Развод по-французски
Шрифт:
Не знаю, что ответил Шарль-Анри. Сама святая Урсула была, казалось, вполне довольна тем, что из-за нее разыгрывается схватка. Но чуть лукавая улыбка, с какой она молила Всевышнего сохранить ее девство, и ее безразличие к сокровищам за ее спиной таили в себе столько врожденного аскетизма, что отречение от радостей земных ничего ей не стоило. Я не могла не почувствовать презрение, с каким она отнеслась бы к сделанному мне подарку.
Я не возражала против того, чтобы Рокси самолично позвонила Марджив и Честеру. Пусть соберется с духом и сообщит им, что не может отправить картину в музей Гетти. Она знала, что новость расстроит и рассердит их. Но я даже не представляла, с какой обидой Марджив встретит сообщение. Она не особенно любила «Святую Урсулу», и до музея ей было мало дела.
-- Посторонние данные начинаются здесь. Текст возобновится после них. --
(* The splitting survives the step  p (i+1) · n  -->  p 1 n · i; the case of
   three distinct letters uses the splitting at lower weight and [compl_shift]. *)
Lemma split_step_bwd n N u s p i : split_below n N ->
  sumn (rcons (p ++ [:: i.+1]) n) <= N -> Mword n (rcons (p ++ [:: i.+1]) n) ->
  1 <= i <= n - 1 -> 0 < s <= n ->
  lcm_split n s n u (p ++ [:: i.+1]) -> lcm_split n s i u (p ++ [:: 1; n]).
Proof.
move=> Hsplit hN hW Hi Hs; have canc := cancel_below Hsplit.
have hW' : Mword n (p ++ [:: i.+1]) by move: hW; rewrite Mword_rcons => /andP[].
have hN' : sumn (p ++ [:: i.+1]) < N by move: hN; rewrite sumn_rcons; lia.
have Nin : (i == n) = false by apply/eqP; lia.
rewrite /lcm_split; case: (eqVneq s n) => [->|Nsn].
  rewrite eq_sym Nin => H; exists p; rewrite /compl eqxx Nin; split => //.
  exact: Mcong_refl.
case: (eqVneq s i) => [Esi|Nsi].
  subst s; case=> w [H1 H2]; rewrite /compl eqxx Nin in H1 H2.
  apply: Mcong_trans H1 _; apply/Mcong_catr/Mcong_sym; exact: canc H2.
case=> w [H1 H2]; rewrite /compl (negbTE Nsn) eqxx in H1 H2.
have : lcm_split n s.+1 i.+1 w p.
  apply: Hsplit; rewrite -!cats1 -?(Mcong_sumn H2) -?(Mcong_Mword H2) //.
  exact: Mcong_sym.
rewrite /lcm_split eqSS (negbTE Nsi) => -[w' [R1 R2]].
have Hs' : 0 < s < n by move: Nsn => /eqP; lia.
have Hi' : 0 < i < n by lia.
exists w'; split.
- by apply: Mcong_trans H1 _; rewrite -(compl_shift Hs' Hi' Nsi) catA; exact: Mcong_catr.
- rewrite -(compl_shift Hi' Hs') ?catA 1?eq_sym //; exact: Mcong_catr.
Qed.

Lemma split_step n N u s v' t' Z : split_below n N ->
  sumn (rcons v' t') <= N -> Mword n (rcons v' t') -> 0 < s <= n ->
  lcm_split n s t' u v' -> step n (rcons v' t') Z \/ step n Z (rcons v' t') ->
  forall v t, Z = rcons v t -> lcm_split n s t u v.
Proof.
move=> Hsplit hN hW Hs R [] Hst v t EZ; subst Z.
- case: (step_rcons_inv Hst) => [[p [i [Hi Ev' Et' EY]]]|[v0 [EY Hst']]].
  + subst v' t'; case/rcons_inj: EY => -> ->; exact: split_step_fwd Hsplit hN hW Hi Hs R.
  + by case/rcons_inj: EY => -> ->; apply: lcm_split_congr R _; exact: step_Mcong.
- case: (step_rcons_inv Hst) => [[p [i [Hi -> -> EY]]]|[v0 [EY Hst']]].
  + case/rcons_inj: EY => Ev' Et'; subst v' t'; exact: split_step_bwd Hsplit hN hW Hi Hs R.
  + case/rcons_inj: EY => Ev' Et'; subst v' t'.
    by apply: lcm_split_congr R _; apply: Mcong_sym; exact: step_Mcong.
Qed.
Картина, в сущности, принадлежала Честеру, она
Кадр: Калифорния, Санта-Барбара, Марджив разговаривает с Рокси по телефону. Мне нетрудно догадаться, что она говорит.
— Конечно, Рокси, если есть юридические проблемы, мы не должны этого делать... Я надеюсь, что они еще не отпечатали каталог... Да, понимаю, но они, наверное, знают, как разобраться с этими юридическими закавыками. Может быть, сказать этой даме, чтобы они сами связались с французскими юристами, а то и с правительством? Конечно, конечно, с гарантиями возврата во Францию... Нет, я все-таки уверена, что есть вполне легальные способы...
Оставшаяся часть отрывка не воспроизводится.